As CREMMALab focused on the transcription of medieval manuscripts, so did the first CATMuS dataset and guidelines. As I said in my previous post, I focused on data covering the modern and contemporary periods, for which there was no equivalent to the CREMMALab guidelines. So, when extending CATMuS to these periods, I started with collecting existing guidelines and comparing them. I used the CREMMA Medieval guidelines, the CREMMA guidelines for modern and contemporary documents, SETAF's guidelines and CATMuS Print's guidelines as a basis to elaborate the transcription rules for McCATMuS.

For each rubric, I compared what each set of rules suggested, when they covered it. It was rare for all guidelines to align, but some cases were easy to solve. For example, all the guidelines recommended not to differentiate between regular s (⟨s⟩) and long s (⟨ſ⟩), except for the rules I had set for the modern and contemporary sources transcribed by CREMMA in 2021, before the CREMMALab seminar. It was thus decided that for McCATMuS there would be no distinction between all types of s's.

Some rubrics needed to be discussed to figure out why the rule had been chosen in the first place by some of the projects, to decide which one to keep for McCATMuS. In February, I met with Ariane Pinche and Simon Gabay to go over the rubrics that still needed to be set. One example of a rule we discussed is how hyphenations are handled. CATMuS Medieval and the two CREMMA guidelines say to always use the same symbol (⟨-⟩), whereas for the SETAF and CATMuS Print datasets, inline hyphenations (⟨-⟩) are differentiated from hyphenations at the end of a line (⟨¬⟩). Other symbols, like ⟨⸗⟩, were unanimously rejected.

Two factors were considered when making those decisions: the feasibility of a retro-conversion for the existing datasets and the compatibility of the rule with a maximum of projects. In the case of hyphenations, I eventually decided to follow the same rule as CATMuS Medieval and CREMMA. On top of simplifying the compatibility of McCATMuS with CATMuS Medieval, I found that replacing all ⟨¬⟩ with ⟨-⟩, rather than retroactively place ⟨¬⟩ where there was indeed an hyphenation at the end of a line1 was much more straightforward.

Once the set of rules was fixed, I used it to sort between the different datasets I had identified (I'll discuss this in the next post) and to decide which one would be retained for McCATMuS v1. I also defined the transformation scenarios necessary to turn each of these datasets into a CATMuS-compatible version. Then, once McCATMuS v1 was ready, I integrated the modern and contemporary guidelines into the CATMuS website, where the transcription guidelines for CATMuS medieval were already published.

Now that I am done integrating the rules set for McCATMuS into the website, I am confident that we have successfully designed rules that are overall compatible across the medieval, modern and contemporary periods, despite some unavoidable exceptions. Two good examples of the impossibility to cover a whole millennium of document production with the same rule are the abbreviations and the punctuation signs.

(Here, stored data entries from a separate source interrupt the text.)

(* Let $p,p'\in\mathbb{N}$ and let $Q,Q'$ be λ-terms. If $\lambda y.Q\in\mathcal{E}_p$ and $BT(Q)\le^\eta_{p'}BT(Q')$, then $\lambda y.Q'\in\mathcal{E}_{p+p'}$.
   Context: $\mathtt{I}=\lambda x.x$; $\mathcal{E}$ is the set of λ-terms $Q$ with $Q\twoheadrightarrow_{\beta\eta}\mathtt{I}$. Size on β-normal forms: $|Q|=0$ if $Q\twoheadrightarrow_\beta\mathtt{I}$, and $|Q|=\max\{m,\max_{i\le m}|\lambda z_i.Q_i|+1\}$ if $Q\twoheadrightarrow_\beta\lambda yz_1\dots z_m.yQ_1\cdots Q_m$; $\mathcal{E}_p=\{Q\in\mathcal{E}:|Q|<p\}$. Böhm-like trees: coinductively generated by $U::=\bot\mid\lambda x_1\dots x_n.yU_1\cdots U_k$. The relation $\le^\eta_p$ is the greatest relation on Böhm-like trees such that $U\le^\eta_pV$ implies either $U=V=\bot$, or $U=\lambda\vec x.yU_1\cdots U_k$ and $V=\lambda\vec xz_1\dots z_m.yV_1\cdots V_kQ_1\cdots Q_m$ with $m\le p$, the $z_\ell$ not free in $yU_1\cdots U_kV_1\cdots V_k$, each $Q_i$ the Böhm tree of a term $Q'_i$ with $\lambda z_i.Q'_i\in\mathcal{E}_p$, and $U_j\le^\eta_pV_j$ for all $j\le k$. *)

From mathcomp Require Import ssreflect ssrfun ssrbool eqtype ssrnat seq.
Set Implicit Arguments. Unset Strict Implicit. Unset Printing Implicit Defensive.

Inductive term : Type :=
| Var (n : nat)
| App (M N : term)
| Lam (M : term).

Definition upren (f : nat -> nat) (n : nat) : nat :=
  if n is n'.+1 then (f n').+1 else 0.

Fixpoint rename (f : nat -> nat) (M : term) : term :=
  match M with
  | Var n => Var (f n)
  | App M1 M2 => App (rename f M1) (rename f M2)
  | Lam M1 => Lam (rename (upren f) M1)
  end.

Definition upsub (s : nat -> term) (n : nat) : term :=
  if n is n'.+1 then rename S (s n') else Var 0.

Fixpoint inst (s : nat -> term) (M : term) : term :=
  match M with
  | Var n => s n
  | App M1 M2 => App (inst s M1) (inst s M2)
  | Lam M1 => Lam (inst (upsub s) M1)
  end.

Definition subst0 (N : term) (n : nat) : term :=
  if n is n'.+1 then Var n' else N.

Inductive beta : term -> term -> Prop :=
| beta_redex M N : beta (App (Lam M) N) (inst (subst0 N) M)
| beta_appl M M' N : beta M M' -> beta (App M N) (App M' N)
| beta_appr M N N' : beta N N' -> beta (App M N) (App M N')
| beta_lam M M' : beta M M' -> beta (Lam M) (Lam M').

(* one-step beta-eta reduction; eta: \x. M x -> M  when x not free in M *)
Inductive betaeta : term -> term -> Prop :=
| be_beta M N : betaeta (App (Lam M) N) (inst (subst0 N) M)
| be_eta M : betaeta (Lam (App (rename S M) (Var 0))) M
| be_appl M M' N : betaeta M M' -> betaeta (App M N) (App M' N)
| be_appr M N N' : betaeta N N' -> betaeta (App M N) (App M N')
| be_lam M M' : betaeta M M' -> betaeta (Lam M) (Lam M').

Inductive star (R : term -> term -> Prop) : term -> term -> Prop :=
| star_refl M : star R M M
| star_step M N P : R M N -> star R N P -> star R M P.

Definition betas := star beta.
Definition betaetas := star betaeta.

Definition lams (n : nat) (M : term) : term := iter n Lam M.
Definition apps (h : term) (Ms : seq term) : term := foldl App h Ms.

Definition Iterm : term := Lam (Var 0).

Definition inE (Q : term) : Prop := betaetas Q Iterm.

(* [bindvar k M] is the de Bruijn rendering of  \z. M  where z is the
   (free) variable with index k in M; the result lives in the same context. *)
Definition bindvar (k : nat) (M : term) : term :=
  Lam (rename (fun j => if j == k then 0 else j.+1) M).

(* size |Q| (as a relation):
   |Q| = 0 if Q ->>_beta I;
   |Q| = max{m, max_i |\z_i.Q_i| + 1} if Q ->>_beta \y z_1..z_m. y Q_1 .. Q_m.
   Under the m+1 binders, y has index m and z_(i+1) has index m-(i+1). *)
Inductive esize : term -> nat -> Prop :=
| esize_I Q : betas Q Iterm -> esize Q 0
| esize_hnf Q m (Qs : seq term) (ss : seq nat) :
    betas Q (lams m.+1 (apps (Var m) Qs)) ->
    size Qs = m -> size ss = m ->
    (forall i, i < m -> esize (bindvar (m - i.+1) (nth (Var 0) Qs i)) (nth 0 ss i)) ->
    esize Q (maxn m (foldr maxn 0 (map S ss))).

Definition inEp (p : nat) (Q : term) : Prop :=
  inE Q /\ exists s, esize Q s /\ s < p.

(* Node n y Us  represents  \x_1..x_n. y U_1 .. U_k  (y a de Bruijn index) *)
CoInductive blt : Type :=
| Bot
| Node (n y : nat) (args : seq blt).

Definition has_hnf (M : term) : Prop :=
  exists n y Ms, betas M (lams n (apps (Var y) Ms)).

(* graph of the Boehm tree function, as a greatest relation *)
Definition bt_sim (R : term -> blt -> Prop) : Prop :=
  forall M U, R M U ->
    (U = Bot /\ ~ has_hnf M) \/
    exists n y (Ms : seq term) (Us : seq blt),
      [/\ betas M (lams n (apps (Var y) Ms)), U = Node n y Us,
          size Us = size Ms &
          forall j, j < size Ms -> R (nth (Var 0) Ms j) (nth Bot Us j)].

Definition IsBT (M : term) (U : blt) : Prop :=
  exists R, bt_sim R /\ R M U.

Definition lift_sim (k : nat) (R : nat -> blt -> blt -> Prop) : Prop :=
  forall c U V, R c U V ->
    (U = Bot /\ V = Bot) \/
    exists n y (Us Vs : seq blt),
      [/\ U = Node n y Us,
          V = Node n (if y < c + n then y else y + k) Vs,
          size Vs = size Us &
          forall j, j < size Us -> R (c + n) (nth Bot Us j) (nth Bot Vs j)].

Definition tree_lift (k c : nat) (U V : blt) : Prop :=
  exists R, lift_sim k R /\ R c U V.

(* V = \x_1..x_n z_1..z_m. y V_1..V_k Q_1..Q_m : the z's are the m innermost
   binders, so y becomes y+m; "z not free in V_j" means V_j is the lift by m
   of a tree W_j (living in the context of U), and U_j <= W_j. *)
Definition le_sim (p : nat) (R : blt -> blt -> Prop) : Prop :=
  forall U V, R U V ->
    (U = Bot /\ V = Bot) \/
    exists n y k m (Us Vs Qs : seq blt),
      [/\ m <= p, U = Node n y Us /\ V = Node (n + m) (y + m) (Vs ++ Qs),
          [/\ size Us = k, size Vs = k & size Qs = m],
          (forall i, i < m -> exists Q' : term,
               IsBT Q' (nth Bot Qs i) /\ inEp p (bindvar (m - i.+1) Q')) &
          (forall j, j < k -> exists W : blt,
               tree_lift m 0 W (nth Bot Vs j) /\ R (nth Bot Us j) W)].

Definition le_eta (p : nat) (U V : blt) : Prop :=
  exists R, le_sim p R /\ R U V.

From mathcomp Require Import ssreflect ssrfun ssrbool eqtype ssrnat seq zify.
Set Implicit Arguments. Unset Strict Implicit.

(* Call a Böhm tree an eta-tree for a variable x when it has the shape
   \z_1..z_m. x T_1 .. T_m with each T_i an eta-tree for z_i: these are the
   Böhm trees of the finite eta-expansions of x, and the size |.| of the paper
   is read off such a tree (m at the root, one more for each nesting level).
   Thus \y.Q in E_p says that BT(Q) is an eta-tree for y of size < p.  A step
   of <=^eta_p' turns a node \x. y U_1 .. U_m into
   \x z_1 .. z_m'. y V_1 .. V_m Q_1 .. Q_m' with m' <= p' and \z_i.Q_i in E_p':
   the result is again an eta-tree for y, every node gains at most p' binders
   and the new subtrees have size < p', so the size grows by at most p'.
   Reading the new eta-tree back gives \y.Q' ->>_betaeta I and |\y.Q'| < p + p'. *)

(** * Renaming and substitution *)

Lemma upren_ext f g : f =1 g -> upren f =1 upren g.
Proof. by move=> fg [|n] //=; rewrite fg. Qed.

Lemma rename_ext M : forall f g, f =1 g -> rename f M = rename g M.
Proof.
elim: M => [n|M1 IH1 M2 IH2|M1 IH] f g fg /=; first by rewrite fg.
- by rewrite (IH1 f g fg) (IH2 f g fg).
- by rewrite (IH _ _ (upren_ext fg)).
Qed.

Lemma upsub_ext s t : s =1 t -> upsub s =1 upsub t.
Proof. by move=> st [|n] //=; rewrite st. Qed.

Lemma inst_ext M : forall s t, s =1 t -> inst s M = inst t M.
Proof.
elim: M => [n|M1 IH1 M2 IH2|M1 IH] s t st /=; first by rewrite st.
- by rewrite (IH1 s t st) (IH2 s t st).
- by rewrite (IH _ _ (upsub_ext st)).
Qed.

Lemma rename_id M : forall f, f =1 id -> rename f M = M.
Proof.
elim: M => [n|M1 IH1 M2 IH2|M1 IH] f f_id /=; first by rewrite f_id.
- by rewrite IH1 // IH2.
- by rewrite IH // => -[|n] //=; rewrite f_id.
Qed.

Lemma inst_id M : forall s, s =1 Var -> inst s M = M.
Proof.
elim: M => [n|M1 IH1 M2 IH2|M1 IH] s s_id /=; first by rewrite s_id.
- by rewrite IH1 // IH2.
- by rewrite IH // => -[|n] //=; rewrite s_id.
Qed.

Lemma rename_comp M : forall f g, rename f (rename g M) = rename (f \o g) M.
Proof.
elim: M => [n|M1 IH1 M2 IH2|M1 IH] f g //=; first by rewrite IH1 IH2.
by rewrite IH; congr Lam; apply: rename_ext => -[|n].
Qed.

Lemma inst_rename M : forall s f, inst s (rename f M) = inst (s \o f) M.
Proof.
elim: M => [n|M1 IH1 M2 IH2|M1 IH] s f //=; first by rewrite IH1 IH2.
by rewrite IH; congr Lam; apply: inst_ext => -[|n].
Qed.

Lemma rename_inst M : forall f s, rename f (inst s M) = inst (rename f \o s) M.
Proof.
elim: M => [n|M1 IH1 M2 IH2|M1 IH] f s //=; first by rewrite IH1 IH2.
rewrite IH; congr Lam; apply: inst_ext => -[|n] //=.
by rewrite !rename_comp.
Qed.

Lemma inst_comp M : forall s t, inst s (inst t M) = inst (inst s \o t) M.
Proof.
elim: M => [n|M1 IH1 M2 IH2|M1 IH] s t //=; first by rewrite IH1 IH2.
rewrite IH; congr Lam; apply: inst_ext => -[|n] //=.
by rewrite inst_rename rename_inst.
Qed.

Lemma inst_subst0 s N M :
  inst s (inst (subst0 N) M) = inst (subst0 (inst s N)) (inst (upsub s) M).
Proof.
rewrite !inst_comp; apply: inst_ext => -[|n] //=.
by rewrite inst_rename inst_id.
Qed.

Lemma rename_subst0 f N M :
  rename f (inst (subst0 N) M) = inst (subst0 (rename f N)) (rename (upren f) M).
Proof. by rewrite rename_inst inst_rename; apply: inst_ext => -[|n]. Qed.

(** * Reductions *)

Lemma star1 R M N : R M N -> star R M N.
Proof. by move=> MN; apply: star_step MN (star_refl _ _). Qed.

Lemma star_trans R M N P : star R M N -> star R N P -> star R M P.
Proof. by elim=> // A B C AB _ IH /IH; apply: star_step. Qed.

Lemma star_map R R' (F : term -> term) :
  (forall x y, R x y -> R' (F x) (F y)) ->
  forall M N, star R M N -> star R' (F M) (F N).
Proof.
move=> RF M N; elim=> [A|A B C AB _ IH]; first exact: star_refl.
exact: star_step (RF _ _ AB) IH.
Qed.

Lemma star_sub_star (R R' : term -> term -> Prop) :
  (forall x y, R x y -> star R' x y) -> forall M N, star R M N -> star R' M N.
Proof.
move=> RR' M N; elim=> [A|A B C AB _ IH]; first exact: star_refl.
exact: star_trans (RR' _ _ AB) IH.
Qed.

Lemma betas_app M M' N N' : betas M M' -> betas N N' -> betas (App M N) (App M' N').
Proof.
move=> MM' NN'; apply: star_trans.
- by apply: (star_map (F := App^~ N)) MM' => *; apply: beta_appl.
- by apply: (star_map (F := App M')) NN' => *; apply: beta_appr.
Qed.

Lemma betas_lam M M' : betas M M' -> betas (Lam M) (Lam M').
Proof. by apply: (star_map (F := Lam)) => *; apply: beta_lam. Qed.

Lemma betaetas_app M M' N N' :
  betaetas M M' -> betaetas N N' -> betaetas (App M N) (App M' N').
Proof.
move=> MM' NN'; apply: star_trans.
- by apply: (star_map (F := App^~ N)) MM' => *; apply: be_appl.
- by apply: (star_map (F := App M')) NN' => *; apply: be_appr.
Qed.

Lemma betaetas_lam M M' : betaetas M M' -> betaetas (Lam M) (Lam M').
Proof. by apply: (star_map (F := Lam)) => *; apply: be_lam. Qed.

Lemma betas_betaetas M N : betas M N -> betaetas M N.
Proof.
apply: star_sub_star => x y xy; apply: star1.
by elim: xy => *; [apply: be_beta|apply: be_appl|apply: be_appr|apply: be_lam].
Qed.

Lemma beta_rename M N f : beta M N -> beta (rename f M) (rename f N).
Proof.
move=> MN; elim: MN f => {M N} /=.
- by move=> M N f; rewrite rename_subst0; apply: beta_redex.
- by move=> *; apply: beta_appl.
- by move=> *; apply: beta_appr.
- by move=> *; apply: beta_lam.
Qed.

Lemma betas_rename f M N : betas M N -> betas (rename f M) (rename f N).
Proof. by apply: star_map => x y; apply: beta_rename. Qed.

Lemma beta_rename_inv f M N : beta (rename f M) N ->
  exists2 M', beta M M' & N = rename f M'.
Proof.
move E : (rename f M) => X MN; elim: MN f M E => {X N}.
- move=> B N f [n|[n|M1 M2|B'] N'|B''] //= [<- <-].
  by exists (inst (subst0 N') B'); [apply: beta_redex | rewrite rename_subst0].
- move=> M0 M0' N0 _ IH f [n|M1 M2|B] //= [/IH [M1' ? ->] <-].
  by exists (App M1' M2); first apply: beta_appl.
- move=> M0 N0 N0' _ IH f [n|M1 M2|B] //= [<- /IH [M2' ? ->]].
  by exists (App M1 M2'); first apply: beta_appr.
- move=> M0 M0' _ IH f [n|M1 M2|B] //= [/IH [B' ? ->]].
  by exists (Lam B'); first apply: beta_lam.
Qed.

Lemma betas_rename_inv f M N : betas (rename f M) N ->
  exists2 M', betas M M' & N = rename f M'.
Proof.
move E : (rename f M) => X MN; elim: MN M E => {X N} [A|A B C AB _ IH] M E.
- by exists M; [apply: star_refl | rewrite E].
- subst A; have [M1 MM1 EB] := beta_rename_inv AB.
  have [M2 M1M2 ->] := IH _ (esym EB).
  by exists M2; first apply: star_step MM1 M1M2.
Qed.

(** * Confluence of beta-reduction *)

Inductive par : term -> term -> Prop :=
| par_var n : par (Var n) (Var n)
| par_app M M' N N' : par M M' -> par N N' -> par (App M N) (App M' N')
| par_lam M M' : par M M' -> par (Lam M) (Lam M')
| par_beta M M' N N' : par M M' -> par N N' ->
    par (App (Lam M) N) (inst (subst0 N') M').

Lemma par_refl M : par M M.
Proof. by elim: M => *; constructor. Qed.

Lemma beta_par M N : beta M N -> par M N.
Proof. by elim=> *; constructor; by [|apply: par_refl]. Qed.

Lemma par_betas M N : par M N -> betas M N.
Proof.
elim=> {M N} [n|||M M' N N' _ MM' _ NN'].
- exact: star_refl.
- by move=> *; apply: betas_app.
- by move=> *; apply: betas_lam.
- exact: star_trans (betas_app (betas_lam MM') NN') (star1 (beta_redex _ _)).
Qed.

Lemma par_rename M N f : par M N -> par (rename f M) (rename f N).
Proof.
move=> MN; elim: MN f => {M N} /= [n f|||M M' N N' _ MM' _ NN' f].
- exact: par_var.
- by move=> *; apply: par_app.
- by move=> *; apply: par_lam.
- by rewrite rename_subst0; apply: par_beta.
Qed.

I've now explained how the transcription guidelines were established for McCATMuS. Next, I'll cover how they were integrated into existing datasets to create the first version of the McCATMuS dataset.


  1. You can't assume that every instance of ⟨-⟩ at the end of a line must be replaced with a ⟨¬⟩. In many cases, this can be a simple typographic decoration marking the end of a paragraph or the end of a title.